È DUNQUE UNA FUGA travestita da dissenso, quella del sottosegretario. Sì. Ma Salvini capisce che c’è anche dell’altro: l’uomo è l’alter ego di Di Maio, il suo emissario a Palazzo Chigi, il suo principale consigliere. L’affondo, dunque, arriva da lì. La finestra per andare al voto in autunno ormai è praticamente chiusa. Sicuri di non far saltare il banco, ora i grillini possono concedersi il lusso di attaccare l’alleato-avversario che li ha messi in ginocchio su tutti i dossier. Ieri Di Stefano, oggi Spadafora. In quelle stesse ore in commissione si discute di sicurezza bis. Anche lì i grillini fingono di ringalluzzirsi.

MA È SOLO TEATRO che finisce in nulla di fatto, come tutti i conflitti fra le due forze di governo fin qui. Nel pomeriggio Salvini convoca i giornalisti a Montecitorio per non concedere spazio ai 5 stelle: «Non posso essere accusato di maschilismo. Il 22 luglio approviamo il ddl Codice Rosso» (provvedimento che però le donne del Pd giudicano «vuoto»). E se non fosse per il no dei 5 stelle, per lui «il top sarebbe la castrazione chimica per pedofili e stupratori».

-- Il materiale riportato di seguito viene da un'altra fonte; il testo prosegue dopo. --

Section ValabregaValla.
Variable R : comUnitRingType.
Variables (I : R -> Prop) (x : seq R).
Hypotheses (hI : is_ideal I) (hx : forall j, I x`_j).
Hypothesis hG : G_sequence I (take (size x).-1 x).

Lemma G_sequence_take k d a : (k.+1 < size x)%N -> ipow I d a ->
  iadd (ipow I d.+2) (low_part I (take k x) d.+1) (x`_k * a) ->
  iadd (ipow I d.+1) (low_part I (take k x) d) a.
Proof.
move=> hk; have [hGs _] := hG; have hkx : (k <= (size x).-1)%N by lia.
have hk' : (k < size (take (size x).-1 x))%N by rewrite size_takel ?leq_pred //; lia.
by have := hGs k hk' d a; rewrite take_takel // nth_take //; lia.
Qed.

Lemma low_part_mul k d q : (k <= size x)%N ->
  low_part I (take k x) d q -> lincomb (ipow I d) x k (x`_k * q).
Proof.
case: d => [|d] hk /=; first by move=> ->; rewrite mulr0; apply: lincomb0.
move=> /(imul_gen_takeE _ _ hI hk) [e [he ->]].
exists (fun j => x`_k * e j); split; first by move=> j /he; apply: imul_mul.
by rewrite mulr_sumr; apply: eq_bigr => j _; rewrite mulrCA.
Qed.

Lemma lincomb_ipow_lower k d r : (k < size x)%N ->
  lincomb (ipow I d) x k r -> ipow I d.+2 r -> lincomb (ipow I d.+1) x k r.
Proof.
elim: k d r => [|k IH] d r hk.
  by move=> [c [_ ->]] _; exists c; split => // j; rewrite ltn0.
have hkx : (k <= size x)%N by apply/ltnW/ltnW.
move=> /lincombSE [r' [a [hr' ha ->]]] hrI.
have hxa : iadd (ipow I d.+2) (low_part I (take k x) d.+1) (x`_k * a).
  exists (r' + x`_k * a), (- r'); split => //=; last by rewrite addrAC subrr add0r.
  by apply/(imul_gen_takeE _ _ hI hkx); apply: lincombN hr'; apply: ipow_ideal.
have [p [q [hp hq def_a]]] := G_sequence_take hk ha hxa; subst a.
have hxp : ipow I d.+2 (x`_k * p) by apply: imul_mul (hx k) hp.
have hrq : lincomb (ipow I d.+1) x k (r' + x`_k * q).
  apply: IH (ltnW hk) _ _; first exact: lincombD (ipow_ideal _ hI) hr' (low_part_mul hkx hq).
  have -> : r' + x`_k * q = r' + x`_k * (p + q) - x`_k * p by ring.
  exact: idealB (ipow_ideal _ hI) hrI hxp.
by apply/lincombSE; exists (r' + x`_k * q), p; split => //; ring.
Qed.

Lemma lincomb_cap_ipow k m r : (k < size x)%N ->
  lincomb (fun _ => True) x k r -> ipow I m.+1 r -> lincomb (ipow I m) x k r.
Proof.
move=> hk hr; elim: m => [_ | m IH /[dup] /ipowS_sub /IH hrm]; first exact: hr.
exact: lincomb_ipow_lower.
Qed.

Lemma colon_vanish_of_R_sequence k n : (2 <= n)%N -> (k < size x)%N ->
  R_sequence x -> colon_vanish I x k n.
Proof.
move=> hn hk [hR _] r hr hxr; have hkx := ltnW hk.
have hr0 : lincomb (fun _ => True) x k r.
  by apply/(gen_takeE _ hkx)/hR => //; apply/(gen_takeE _ hkx); apply: lincomb_mono hxr.
by apply: lincomb_cap_ipow hk hr0 _; rewrite -subSn // subSS subn1.
Qed.

End ValabregaValla.

Unset Implicit Arguments.

Theorem lemma3p3 (R : comUnitRingType) (I J : R -> Prop) (x : seq R) :
  noetherian R -> local_ring R -> is_ideal I -> is_ideal J ->
  (forall r, J r -> I r) -> minimal_generating J x ->
  (forall n : nat, (2 <= n)%N ->
     ((forall i, (1 <= i <= size x)%N -> H1_zero I (take i x) n) <->
      (forall i, (1 <= i <= size x)%N -> colon_zero I x i n))) /\
  (R_sequence x -> G_sequence I (take (size x).-1 x) ->
     forall n i, (2 <= n)%N -> (1 <= i <= size x)%N -> H1_zero I (take i x) n).
Proof.
move=> _ _ hI _ hJI [hJx _].
have hx j : I x`_j.
  case: (ltnP j (size x)) => hj; first exact/hJI/hJx/gen_nth.
  by rewrite nth_default //; apply: ideal0.
split.
- move=> n hn; split=> H [|k] // /andP [_ hk].
  + apply/(colon_zero_succ hI n hk)/(colon_vanish_of_H1 hI).
    by apply/(H1_zero_take hI n hk)/H.
  + apply/(H1_zero_take hI n hk)/(H1_vanish_of_colon hI hx hn) => j hj.
    by apply/(colon_zero_succ hI n (leq_trans hj hk))/H; rewrite /= (leq_trans hj hk).
- move=> hR hG n [|k] hn // /andP [_ hk].
  apply/(H1_zero_take hI n hk)/(H1_vanish_of_colon hI hx hn) => j hj.
  by apply: (colon_vanish_of_R_sequence hI hx hG) => //; apply: leq_trans hj hk.
Qed.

MA «IL GOVERNO NON È RISCHIO, se tutti lavorano il governo va avanti», dice. E i suoi fanno sapere che verso il sottosegretario non c’è una vera richiesta di dimissioni. Di Maio, che nel pomeriggio minimizza («Quanto casino e per un’intervista») in serata chiude il caso: «Spadafora non si dimette. Punto. E ora andiamo avanti, sono stanco di queste polemiche inutili».

AVANTI NEL SENSO DI della sopravvivenza del governo. I 5 stelle manderanno giù i rospi, come hanno fatto fin qui. Vogliono però mantenere il diritto di parola. Per dichiarare, ogni tanto, che gli alleati sono brutti e cattivi. E anche sessisti.